Dottie Metcalf-Lindenberger

However, none of those obstacles stopped her from pursuing her passion for science and aerospace. In April 2010, Dottie—along with three other astronauts—set the record for the most females in space at one time.

The journey to space began in a rather unconventional way. Though the thought of working for NASA had captivated Dottie since she was young, her career led her to teaching. In the early 2000s, Dottie was teaching high school earth science and astronomy. One day during a lesson, a student asked how one would go to the bathroom in space. The question led Dottie to NASA’s website, where she found a call for educators to apply to the space program. 

In April 2003, she applied. And a year later she was asked to join the 2004 class.

“It was hard, it was exciting… it was incredibly rewarding,” she said of the space program. “I was so thrilled to be selected among such amazing people in my cohort.”

Dottie moved from Washington to Texas for the job. The job was all encompassing and she put in many long days and weekends during the early years. Dottie even built herself a model of the cockpit just so that she could practice and memorize where all of the switches and circuit breakers were located. 

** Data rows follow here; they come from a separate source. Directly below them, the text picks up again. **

Lemma eval_nf_of p : eval_nf (nf_of p) = p.
Proof.
case: p => k [|] /=; case: ifPn => Hk;
  rewrite ?eval_nf_alt_odd ?eval_nf_alt_even /shift /reflection; congr pair; lia.
Qed.

Lemma nf_of_eval l : reduced l -> nf_of (eval_nf l) = l.
Proof.
move=> /reduced_alt ->; move: (head false l) (size l) => c m.
rewrite -(odd_double_half m).
case: (odd m); [rewrite add1n eval_nf_alt_odd | rewrite add0n eval_nf_alt_even];
  case: c; rewrite /nf_of /reflection /shift;
  first [case Hk: (_ <= _) | case Hk: (_ < _)]; try lia;
  first [by congr alt; lia | by have -> : m./2 = 0 by lia].
Qed.

End NormalForms.

Definition to_isom (x : Dinf) : isom := eval_nf (sval x).

Definition of_isom (p : isom) : Dinf := exist _ (nf_of p) (nf_of_reduced p).

Lemma to_isom_mul x y : to_isom (Dinf_mul x y) = imul (to_isom x) (to_isom y).
Proof. by rewrite /to_isom /= eval_nf_reduce eval_nf_cat. Qed.

Lemma to_isom_inj : injective to_isom.
Proof.
case=> l Hl [l' Hl']; rewrite /to_isom /= => E.
have El : l = l' by rewrite -(nf_of_eval Hl) -(nf_of_eval Hl') E.
by subst l'; congr exist; apply: bool_irrelevance.
Qed.

Lemma of_isomK : cancel of_isom to_isom.
Proof. exact: eval_nf_of. Qed.

Definition ival (psi : nat -> isom) (w : word) : isom :=
  foldr (fun z p => imul (psi z) p) ione w.

Definition isom_eq (u v : word) : Prop := forall psi, ival psi u = ival psi v.

Lemma ival_cons psi z w : ival psi (z :: w) = imul (psi z) (ival psi w).
Proof. by []. Qed.

Lemma ival_cat psi u v : ival psi (u ++ v) = imul (ival psi u) (ival psi v).
Proof. by elim: u => [|z u IH] /=; rewrite ?imul1i // IH imulA. Qed.

Lemma eq_in_ival psi psi' w : {in w, psi =1 psi'} -> ival psi w = ival psi' w.
Proof.
elim: w => [|z w IH] //= E; rewrite E ?mem_head // IH // => y Hy.
by rewrite E // inE Hy orbT.
Qed.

In 2008 she was finally selected to be a part of a crew. They trained really hard for a year and a half. And on April 5, 2010, Dottie and her crew of four men and three other women took off for the International Space Station—an experience she’ll never forget, particularly the views of the earth from above.

I hope that girls continue to see science and the outdoors as not only a place to be inspired, to heal, to engage the mind and to challenge oneself, but also to see as a place to want to encourage the next generation to be a part of.
Dottie Metcalf-Lindenberger

Today, Dottie is thrilled at the number of programs available for young women in science and the outdoors. The biggest thing that programs like NatureBridge provide is confidence. 

“We’re starting to see these really targeted programs and that gives young women confidence to push themselves and do all this challenging work,” said Dottie. “I know it’s going to change their lives, and ours.”

“I give all kids this advice, not just young girls: Be curious. Don’t lose your curiosity. That’s the great thing about STEM and the outdoors, both of them still hold so many questions, there are so many things we still don’t know, so we can always remain curious.”